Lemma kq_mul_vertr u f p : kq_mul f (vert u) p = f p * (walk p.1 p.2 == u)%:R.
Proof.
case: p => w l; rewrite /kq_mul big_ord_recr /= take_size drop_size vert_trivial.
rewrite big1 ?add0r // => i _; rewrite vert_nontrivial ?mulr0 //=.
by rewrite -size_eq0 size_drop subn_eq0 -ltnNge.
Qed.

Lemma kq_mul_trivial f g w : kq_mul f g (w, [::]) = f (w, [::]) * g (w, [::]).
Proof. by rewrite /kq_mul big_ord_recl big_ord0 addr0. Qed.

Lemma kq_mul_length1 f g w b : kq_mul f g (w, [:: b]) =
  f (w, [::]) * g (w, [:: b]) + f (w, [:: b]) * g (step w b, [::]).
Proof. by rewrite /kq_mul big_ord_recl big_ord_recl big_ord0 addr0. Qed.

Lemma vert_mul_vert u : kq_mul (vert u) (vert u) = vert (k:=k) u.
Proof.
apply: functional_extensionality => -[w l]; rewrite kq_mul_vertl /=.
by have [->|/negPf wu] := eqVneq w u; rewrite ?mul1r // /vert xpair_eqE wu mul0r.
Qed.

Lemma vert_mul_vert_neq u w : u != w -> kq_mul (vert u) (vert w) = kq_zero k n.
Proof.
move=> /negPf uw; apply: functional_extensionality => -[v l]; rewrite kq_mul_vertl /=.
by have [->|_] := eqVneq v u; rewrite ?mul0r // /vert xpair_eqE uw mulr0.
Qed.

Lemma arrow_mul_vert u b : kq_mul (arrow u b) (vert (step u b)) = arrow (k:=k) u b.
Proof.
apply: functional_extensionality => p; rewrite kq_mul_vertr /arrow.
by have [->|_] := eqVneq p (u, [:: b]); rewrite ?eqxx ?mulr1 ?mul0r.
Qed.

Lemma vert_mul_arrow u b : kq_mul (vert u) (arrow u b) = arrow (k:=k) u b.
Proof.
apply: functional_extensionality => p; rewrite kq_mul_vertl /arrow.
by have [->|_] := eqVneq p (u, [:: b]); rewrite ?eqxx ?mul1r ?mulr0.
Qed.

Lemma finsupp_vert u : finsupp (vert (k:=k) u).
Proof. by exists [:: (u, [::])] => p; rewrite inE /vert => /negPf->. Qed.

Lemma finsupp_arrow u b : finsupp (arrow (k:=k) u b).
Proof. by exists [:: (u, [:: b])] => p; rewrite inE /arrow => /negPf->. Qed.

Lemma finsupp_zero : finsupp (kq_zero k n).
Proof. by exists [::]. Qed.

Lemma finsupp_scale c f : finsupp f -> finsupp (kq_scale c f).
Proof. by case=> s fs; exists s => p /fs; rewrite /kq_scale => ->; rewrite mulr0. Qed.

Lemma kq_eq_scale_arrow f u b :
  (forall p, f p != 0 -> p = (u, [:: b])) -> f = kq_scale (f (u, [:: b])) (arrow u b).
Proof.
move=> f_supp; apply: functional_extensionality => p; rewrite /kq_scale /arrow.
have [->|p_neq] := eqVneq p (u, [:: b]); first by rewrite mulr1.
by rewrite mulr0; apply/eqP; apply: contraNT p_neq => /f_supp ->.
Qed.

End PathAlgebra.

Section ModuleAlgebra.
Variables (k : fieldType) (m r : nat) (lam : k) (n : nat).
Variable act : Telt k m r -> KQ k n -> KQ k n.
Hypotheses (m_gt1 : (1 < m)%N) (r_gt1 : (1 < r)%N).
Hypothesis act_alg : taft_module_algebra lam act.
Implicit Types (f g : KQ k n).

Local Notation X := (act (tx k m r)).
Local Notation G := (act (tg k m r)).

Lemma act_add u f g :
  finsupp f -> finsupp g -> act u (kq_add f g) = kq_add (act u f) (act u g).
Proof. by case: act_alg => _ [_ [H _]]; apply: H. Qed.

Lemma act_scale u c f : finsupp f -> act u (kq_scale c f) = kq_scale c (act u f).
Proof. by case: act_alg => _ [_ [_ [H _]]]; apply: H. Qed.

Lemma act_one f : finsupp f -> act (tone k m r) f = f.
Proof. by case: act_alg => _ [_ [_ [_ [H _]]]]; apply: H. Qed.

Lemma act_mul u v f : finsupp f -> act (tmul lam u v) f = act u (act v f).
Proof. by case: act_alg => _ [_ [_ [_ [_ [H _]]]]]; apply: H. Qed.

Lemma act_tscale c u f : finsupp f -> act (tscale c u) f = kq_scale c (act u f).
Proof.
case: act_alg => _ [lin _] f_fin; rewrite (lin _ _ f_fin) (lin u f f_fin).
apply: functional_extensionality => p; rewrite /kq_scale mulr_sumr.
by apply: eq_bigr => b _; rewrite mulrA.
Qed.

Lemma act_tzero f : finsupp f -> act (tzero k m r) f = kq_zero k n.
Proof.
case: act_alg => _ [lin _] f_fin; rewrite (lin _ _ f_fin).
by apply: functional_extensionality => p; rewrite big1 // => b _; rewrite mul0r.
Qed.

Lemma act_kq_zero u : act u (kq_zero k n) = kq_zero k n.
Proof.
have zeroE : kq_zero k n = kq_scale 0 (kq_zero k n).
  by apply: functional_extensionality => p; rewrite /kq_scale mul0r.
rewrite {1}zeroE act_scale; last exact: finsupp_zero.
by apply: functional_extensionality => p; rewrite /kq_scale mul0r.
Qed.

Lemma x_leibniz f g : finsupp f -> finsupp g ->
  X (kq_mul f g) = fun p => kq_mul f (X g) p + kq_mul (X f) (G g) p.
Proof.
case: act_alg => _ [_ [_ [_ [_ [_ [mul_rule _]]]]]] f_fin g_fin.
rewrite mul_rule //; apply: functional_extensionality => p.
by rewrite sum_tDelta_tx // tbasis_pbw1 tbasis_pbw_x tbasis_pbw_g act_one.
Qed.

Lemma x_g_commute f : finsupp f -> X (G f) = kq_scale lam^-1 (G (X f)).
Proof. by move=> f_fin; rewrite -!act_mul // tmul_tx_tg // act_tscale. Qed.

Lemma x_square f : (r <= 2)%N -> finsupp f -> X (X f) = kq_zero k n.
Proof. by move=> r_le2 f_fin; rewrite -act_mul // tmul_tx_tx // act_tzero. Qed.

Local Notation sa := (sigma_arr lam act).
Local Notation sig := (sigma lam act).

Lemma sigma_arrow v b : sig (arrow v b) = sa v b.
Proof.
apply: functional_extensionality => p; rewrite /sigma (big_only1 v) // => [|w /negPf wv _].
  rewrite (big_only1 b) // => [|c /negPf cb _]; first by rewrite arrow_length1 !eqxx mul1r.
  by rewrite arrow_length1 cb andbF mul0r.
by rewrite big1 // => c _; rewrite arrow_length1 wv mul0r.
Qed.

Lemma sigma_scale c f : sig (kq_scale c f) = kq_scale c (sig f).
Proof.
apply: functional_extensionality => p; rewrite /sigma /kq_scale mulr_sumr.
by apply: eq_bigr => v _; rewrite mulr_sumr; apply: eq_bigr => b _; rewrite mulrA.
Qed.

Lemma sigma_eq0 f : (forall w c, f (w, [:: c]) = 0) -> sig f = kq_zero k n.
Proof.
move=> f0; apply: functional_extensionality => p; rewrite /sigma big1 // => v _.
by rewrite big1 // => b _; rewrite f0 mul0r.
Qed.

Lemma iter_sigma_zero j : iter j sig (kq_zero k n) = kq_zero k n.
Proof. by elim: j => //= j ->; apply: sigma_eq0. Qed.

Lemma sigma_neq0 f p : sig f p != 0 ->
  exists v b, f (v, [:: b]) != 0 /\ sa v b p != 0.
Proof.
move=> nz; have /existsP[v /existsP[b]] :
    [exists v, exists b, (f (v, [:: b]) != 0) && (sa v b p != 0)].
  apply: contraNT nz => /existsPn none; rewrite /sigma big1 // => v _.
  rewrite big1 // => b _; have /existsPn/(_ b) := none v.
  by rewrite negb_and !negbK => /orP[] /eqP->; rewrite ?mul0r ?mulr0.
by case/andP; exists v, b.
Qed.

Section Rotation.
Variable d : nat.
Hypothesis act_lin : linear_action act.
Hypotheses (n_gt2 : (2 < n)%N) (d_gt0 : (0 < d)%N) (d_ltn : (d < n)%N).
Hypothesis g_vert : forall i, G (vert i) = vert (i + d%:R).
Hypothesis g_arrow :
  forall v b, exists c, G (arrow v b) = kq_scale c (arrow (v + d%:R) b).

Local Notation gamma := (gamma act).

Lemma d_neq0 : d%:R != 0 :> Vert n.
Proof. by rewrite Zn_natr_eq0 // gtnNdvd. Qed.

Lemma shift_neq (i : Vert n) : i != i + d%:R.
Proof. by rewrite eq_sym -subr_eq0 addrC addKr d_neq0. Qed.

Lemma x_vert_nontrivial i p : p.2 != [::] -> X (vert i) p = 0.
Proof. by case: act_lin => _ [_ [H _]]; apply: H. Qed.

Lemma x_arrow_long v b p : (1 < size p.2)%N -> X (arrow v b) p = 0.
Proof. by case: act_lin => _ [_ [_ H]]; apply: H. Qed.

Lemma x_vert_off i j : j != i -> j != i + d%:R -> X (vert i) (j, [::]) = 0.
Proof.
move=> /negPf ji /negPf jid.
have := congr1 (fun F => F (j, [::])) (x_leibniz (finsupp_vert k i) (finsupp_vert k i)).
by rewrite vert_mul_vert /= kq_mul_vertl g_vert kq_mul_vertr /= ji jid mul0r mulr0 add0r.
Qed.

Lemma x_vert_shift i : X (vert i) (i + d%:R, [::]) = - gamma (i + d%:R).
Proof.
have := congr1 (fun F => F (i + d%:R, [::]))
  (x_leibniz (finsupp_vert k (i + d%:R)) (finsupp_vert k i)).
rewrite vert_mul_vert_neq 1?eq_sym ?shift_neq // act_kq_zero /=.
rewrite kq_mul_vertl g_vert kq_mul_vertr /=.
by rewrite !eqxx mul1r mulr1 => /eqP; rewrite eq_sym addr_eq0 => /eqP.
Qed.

:::

Assignment: From the records above, print only the lines between the one holding "Proof. by case: act_lin => _ [_ [H" and the one holding "rewrite kq_mul_vertl g_vert kq_mul_vertr /=.", inclusive, exactly as they stand.

Response for this exercise:
Proof. by case: act_lin => _ [_ [H _]]; apply: H. Qed.

Lemma x_arrow_long v b p : (1 < size p.2)%N -> X (arrow v b) p = 0.
Proof. by case: act_lin => _ [_ [_ H]]; apply: H. Qed.

Lemma x_vert_off i j : j != i -> j != i + d%:R -> X (vert i) (j, [::]) = 0.
Proof.
move=> /negPf ji /negPf jid.
have := congr1 (fun F => F (j, [::])) (x_leibniz (finsupp_vert k i) (finsupp_vert k i)).
by rewrite vert_mul_vert /= kq_mul_vertl g_vert kq_mul_vertr /= ji jid mul0r mulr0 add0r.
Qed.

Lemma x_vert_shift i : X (vert i) (i + d%:R, [::]) = - gamma (i + d%:R).
Proof.
have := congr1 (fun F => F (i + d%:R, [::]))
  (x_leibniz (finsupp_vert k (i + d%:R)) (finsupp_vert k i)).
rewrite vert_mul_vert_neq 1?eq_sym ?shift_neq // act_kq_zero /=.
rewrite kq_mul_vertl g_vert kq_mul_vertr /=.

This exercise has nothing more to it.